Technology | Angiography | June 04, 2019

Medis QAngio XA 3D Receives FDA 510k Clearance

QFR technology allows non-invasive functional assessment of coronary flow based on standard X-ray angiographic images

Medis QAngio XA 3D Receives FDA 510k Clearance

June 4, 2019 — Medis Medical Imaging Systems B.V. has received clearance from the U.S. Food and Drug Administration for its QAangio XA 3D technology (QFR). The technology offers a non-invasive imaging technique for the assessment of the functional significance of coronary lesions without the need for a pressure wire, nor adenosine.

Coronary artery disease (CAD) develops when the coronary arteries narrow, reducing blood flow to the heart, resulting in angina (chest pain), myocardial infarction (heart attack) or death. When diagnosing suspected CAD, there is no room for doubt.

“Image-based QFR can quickly and efficiently help clinicians non-invasively determine whether or not they need to perform angioplasty or stenting in 5 minutes or less,” said Prof. Hans Reiber, PhD., CSO at Medis. “This is significantly quicker than traditional wire-based FFR procedures that can take 10-15 minutes, are invasive and require the use of a hyperemic drug, making the procedure very demanding on a patient.”

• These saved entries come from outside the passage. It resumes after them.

(* Let $H$ be a complex Hilbert space, let $A$ be a closed symmetric operator in $H$ (its domain $D(A)$ need not be dense) which is invertible, i.e. injective, and let $z\in\mathbb{C}\setminus\mathbb{R}$ be fixed. Let $T$ be a non-expanding linear operator ($\|T\psi\|_H\le\|\psi\|_H$) with $D(T)\subseteq\mathcal{N}_z(A)$, $R(T)\subseteq\mathcal{N}_{\overline{z}}(A)$, which is $z$-admissible with respect to $A$. Let $B$ be the operator defined by $$D(B)=D(A)\dotplus (T-E_H)D(T),\qquad B(f+T\psi-\psi)=Af+zT\psi-\overline{z}\psi,\quad f\in D(A),\ \psi\in D(T).$$ Then the following two conditions are equivalent: (i) the operator $B$ is invertible (injective); (ii) the operator $\frac{z}{\overline{z}}T$ is $\frac{1}{z}$-admissible with respect to the operator $A^{-1}$.
   Context: $E_H$ is the identity operator on $H$. For a closed symmetric operator $S$ in $H$ and $\lambda\in\mathbb{C}\setminus\mathbb{R}$, set $\mathcal{M}_\lambda(S)=(S-\lambda E_H)D(S)$ and $\mathcal{N}_\lambda(S)=H\ominus\mathcal{M}_\lambda(S)$ (the defect subspace). Note that $A^{-1}$ (with domain $R(A)$) is a closed symmetric operator and $\mathcal{N}_\lambda(A)=\mathcal{N}_{1/\lambda}(A^{-1})$, so $\frac{z}{\overline z}T$ acts from $\mathcal{N}_{1/z}(A^{-1})$ to $\mathcal{N}_{1/\overline{z}}(A^{-1})$. The forbidden operator $X_\lambda(S)$ is the (well-defined) operator with domain $D(X_\lambda(S))=P^H_{\mathcal{N}_\lambda(S)}\big(H\ominus\overline{D(S)}\big)$ given by $X_\lambda(S)P^H_{\mathcal{N}_\lambda(S)}g=P^H_{\mathcal{N}_{\overline{\lambda}}(S)}g$ for $g\in H\ominus\overline{D(S)}$, where $P^H_{M}$ denotes the orthogonal projection onto a subspace $M$. A linear operator $C$ with $D(C)\subseteq\mathcal{N}_\lambda(S)$, $R(C)\subseteq\mathcal{N}_{\overline\lambda}(S)$ is called $\lambda$-admissible with respect to $S$ if there is no nonzero $\psi\in D(C)\cap D(X_\lambda(S))$ with $C\psi=X_\lambda(S)\psi$ (equivalently, $C-X_\lambda(S)$ is injective). *)

From mathcomp Require Import all_boot all_algebra.
From mathcomp Require Import complex.
From mathcomp Require Import reals.
Import GRing.Theory Num.Theory.
Set Implicit Arguments. Unset Strict Implicit. Unset Printing Implicit Defensive.
Local Open Scope ring_scope.
Local Open Scope complex_scope.

Section Hilbert.
Variable R : realType.
Variable V : lmodType R[i].
Variable inner : V -> V -> R[i].

Definition is_inner_product : Prop :=
  [/\ (forall (a : R[i]) (x y w : V), inner (a *: x + y) w = a * inner x w + inner y w),
      (forall x y : V, inner y x = (inner x y)^*),
      (forall x : V, 0 <= inner x x) &
      (forall x : V, inner x x = 0 -> x = 0)].

Definition hnorm (x : V) : R[i] := sqrtC (inner x x).

Definition converges (u : nat -> V) (l : V) : Prop :=
  forall e : R, 0 < e -> exists N : nat, forall n : nat, (N <= n)%N ->
    hnorm (u n - l) < e%:C.

Definition cauchy (u : nat -> V) : Prop :=
  forall e : R, 0 < e -> exists N : nat, forall m n : nat, (N <= m)%N -> (N <= n)%N ->
    hnorm (u m - u n) < e%:C.

Definition is_hilbert : Prop :=
  is_inner_product /\ forall u : nat -> V, cauchy u -> exists l : V, converges u l.

Definition subspace (M : V -> Prop) : Prop :=
  M 0 /\ forall (a : R[i]) (x y : V), M x -> M y -> M (a *: x + y).

Definition orth (M : V -> Prop) : V -> Prop :=
  fun g => forall m, M m -> inner g m = 0.

Definition hclosure (M : V -> Prop) : V -> Prop :=
  fun x => forall e : R, 0 < e -> exists m, M m /\ hnorm (x - m) < e%:C.

(* m = P^H_M g : orthogonal projection of g onto the subspace M *)
Definition is_proj (M : V -> Prop) (g m : V) : Prop := M m /\ orth M (g - m).

(* An operator in H is given by its graph S : V -> V -> Prop
   ((x, y) in the graph iff x \in D(S) and S x = y). *)
Definition linop (S : V -> V -> Prop) : Prop :=
  (forall x y1 y2, S x y1 -> S x y2 -> y1 = y2) /\
  S 0 0 /\
  (forall (a : R[i]) x1 y1 x2 y2, S x1 y1 -> S x2 y2 -> S (a *: x1 + x2) (a *: y1 + y2)).

Definition dom (S : V -> V -> Prop) : V -> Prop := fun x => exists y, S x y.
Definition ran (S : V -> V -> Prop) : V -> Prop := fun y => exists x, S x y.

Definition closed_op (S : V -> V -> Prop) : Prop :=
  forall (u v : nat -> V) (x y : V), (forall n, S (u n) (v n)) ->
    converges u x -> converges v y -> S x y.

Definition symmetric_op (S : V -> V -> Prop) : Prop :=
  forall x1 y1 x2 y2, S x1 y1 -> S x2 y2 -> inner y1 x2 = inner x1 y2.

Definition closed_symmetric (S : V -> V -> Prop) : Prop :=
  [/\ linop S, closed_op S & symmetric_op S].

Definition injective_op (S : V -> V -> Prop) : Prop :=
  forall x1 x2 y, S x1 y -> S x2 y -> x1 = x2.

Definition inv_op (S : V -> V -> Prop) : V -> V -> Prop := fun y x => S x y.

Definition scale_op (c : R[i]) (S : V -> V -> Prop) : V -> V -> Prop :=
  fun x y => exists y', S x y' /\ y = c *: y'.

Definition Mdef (l : R[i]) (S : V -> V -> Prop) : V -> Prop :=
  fun w => exists x y, S x y /\ w = y - l *: x.
Definition Ndef (l : R[i]) (S : V -> V -> Prop) : V -> Prop := orth (Mdef l S).

(* graph of the forbidden operator X_lambda(S):
   X (P_{N_lambda} g) = P_{N_{conj lambda}} g for g in H (-) closure D(S) *)
Definition forbidden (l : R[i]) (S : V -> V -> Prop) : V -> V -> Prop :=
  fun psi phi => exists g, orth (hclosure (dom S)) g /\
    is_proj (Ndef l S) g psi /\ is_proj (Ndef l^* S) g phi.

Definition admissible (l : R[i]) (S C : V -> V -> Prop) : Prop :=
  [/\ linop C,
      (forall x, dom C x -> Ndef l S x),
      (forall y, ran C y -> Ndef l^* S y) &
      ~ (exists psi phi, C psi phi /\ psi <> 0 /\ forbidden l S psi phi)].

Definition Bop (z : R[i]) (A T : V -> V -> Prop) : V -> V -> Prop :=
  fun x y => exists f Af psi Tpsi, A f Af /\ T psi Tpsi /\
    x = f + Tpsi - psi /\ y = Af + z *: Tpsi - z^* *: psi.

End Hilbert.

From mathcomp Require Import all_boot all_order all_algebra.
From mathcomp Require Import complex reals classical_sets boolp.
From mathcomp Require Import ring lra.
Import Order.TTheory GRing.Theory Num.Theory.
Local Open Scope ring_scope.
Local Open Scope complex_scope.

(* For a closed symmetric S and non-real l, ||(S - l)u|| >= |Im l| ||u|| makes the range
   M_l(S) closed, so in a Hilbert space the orthogonal complement of N_l(S) is exactly
   M_l(S).  With this one identifies the forbidden operator: X_l(S) psi = phi iff
   psi \in N_l(S), phi \in N_(conj l)(S) and psi - phi \in D(S).  For S = A^-1 and
   l = 1/z, a nonzero psi with (z/conj z) T psi = X psi gives, with A k = psi - phi, the
   nonzero kernel element k + (T psi - psi)/conj z of B; conversely a kernel element
   f + T psi - psi of B with psi <> 0 gives conj z psi - z T psi = A f, i.e. the nonzero
   vector conj z psi on which (z/conj z) T agrees with X. *)

Lemma eq0_Re_iRe {R : rcfType} (c : R[i]) :
  complex.Re c = 0 -> complex.Re ('i * c) = 0 -> c = 0.
Proof. by case: c => a b /= -> h; congr Complex; lra. Qed.

Lemma real_conjc {R : rcfType} (c : R[i]) : conjc c = c -> c = (complex.Re c)%:C.
Proof. by case: c => a b /= [h]; congr Complex; lra. Qed.

Lemma conjc_neq_of_Im {R : rcfType} (c : R[i]) : 'Im c != 0 -> conjc c != c.
Proof.
rewrite -complexIm; case: c => a b /=.
by apply: contra => /eqP [h]; apply/eqP; congr (_%:C); lra.
Qed.

Lemma Im_neq0_of_conjc {R : rcfType} (c : R[i]) : conjc c != c -> complex.Im c != 0.
Proof. by case: c => a b /=; apply: contra => /eqP ->; rewrite oppr0. Qed.

Lemma Re_mulcJ {R : rcfType} (c : R[i]) :
  complex.Re (c * conjc c) = complex.Re c ^+ 2 + complex.Im c ^+ 2.
Proof. by case: c => a b /=; ring. Qed.

Lemma archi_inv {R : realType} {e : R} :
  0 < e -> exists N : nat, forall n, (N <= n)%N -> n.+1%:R^-1 < e.
Proof.
move=> e0; exists (Num.truncn e^-1) => n hn.
rewrite invf_plt ?posrE ?ltr0Sn //.
by apply: lt_le_trans (truncnS_gt _) _; rewrite ler_nat ltnS.
Qed.

Lemma mul_div_add1_le {R : realFieldType} {a e : R} :
  0 <= a -> 0 <= e -> a * (e / (a + 1)) <= e.
Proof.
move=> a0 e0; rewrite mulrCA ler_piMr // ler_pdivrMr ?mul1r; lra.
Qed.

Lemma sub_combination {R : pzRingType} {V : lmodType R} (a b d a' b' d' : V) (s t : R) :
  (a + s *: b - t *: d) - (a' + s *: b' - t *: d') =
  (a - a') + s *: (b - b') - t *: (d - d').
Proof.
rewrite (opprD (a' + s *: b')) opprK (addrACA (a + s *: b)) (opprD a') (addrACA a).
by rewrite -scalerBr; congr (_ + _); rewrite scalerBr opprB addrC.
Qed.

Lemma injective_opP {R : realType} {V : lmodType R[i]} {S : V -> V -> Prop} : S 0 0 ->
  (forall x1 y1 x2 y2, S x1 y1 -> S x2 y2 -> S (x1 - x2) (y1 - y2)) ->
  injective_op S <-> (forall x, S x 0 -> x = 0).
Proof.
move=> S00 SB; split=> [Sinj x Sx | Sker x1 x2 y S1 S2]; first exact: Sinj Sx S00.
by apply/eqP; rewrite -subr_eq0; apply/eqP/Sker; rewrite -(subrr y); exact: SB.
Qed.

Section Linop.
Context {R : realType} {V : lmodType R[i]} {T : V -> V -> Prop}.
Hypothesis HT : linop T.

Lemma linop_fun {x y1 y2} : T x y1 -> T x y2 -> y1 = y2.
Proof. by case: HT => H _; exact: H. Qed.

Lemma linop00 : T 0 0.
Proof. by case: HT => _ []. Qed.

Lemma linopDZ a {x1 y1 x2 y2} : T x1 y1 -> T x2 y2 -> T (a *: x1 + x2) (a *: y1 + y2).
Proof. by case: HT => _ [_]; exact. Qed.

Lemma linopZ a {x y} : T x y -> T (a *: x) (a *: y).
Proof. by move/(linopDZ a)/(_ linop00); rewrite !addr0. Qed.

Lemma linopB {x1 y1 x2 y2} : T x1 y1 -> T x2 y2 -> T (x1 - x2) (y1 - y2).
Proof. by move=> h1 /(linopDZ (-1))/(_ h1); rewrite !scaleN1r !(addrC (- _)). Qed.

Lemma linop_scale c : linop (scale_op c T).
Proof.
split; [|split].
- by move=> x _ _ [y1 [Ty1 ->]] [y2 [Ty2 ->]]; rewrite (linop_fun Ty1 Ty2).
- by exists 0; rewrite scaler0; split; first exact: linop00.
- move=> a x1 _ x2 _ [y1 [Ty1 ->]] [y2 [Ty2 ->]].
  exists (a *: y1 + y2); split; first exact: linopDZ.
  by rewrite scalerDr !scalerA mulrC.
Qed.

Lemma Mdef_subspace l : subspace (Mdef l T).
Proof.
split; first by exists 0, 0; rewrite scaler0 subr0; split; first exact: linop00.
move=> a _ _ [x1 [y1 [T1 ->]]] [x2 [y2 [T2 ->]]].
exists (a *: x1 + x2), (a *: y1 + y2); split; first exact: linopDZ.
by rewrite scalerBr !scalerDr !scalerA (mulrC l a) opprD addrACA.
Qed.
End Linop.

QFR is based on standard X-ray angiographic images and direct coronary flow estimation, and allows for fast in-procedure results. This software solution is designed to be X-ray vendor-independent, and to be used on both biplane and monoplane X-ray angiographic imaging systems. Image selection is facilitated through an angiographic acquisition guide and the total analysis time is typically 4-5 minutes including image frame selection.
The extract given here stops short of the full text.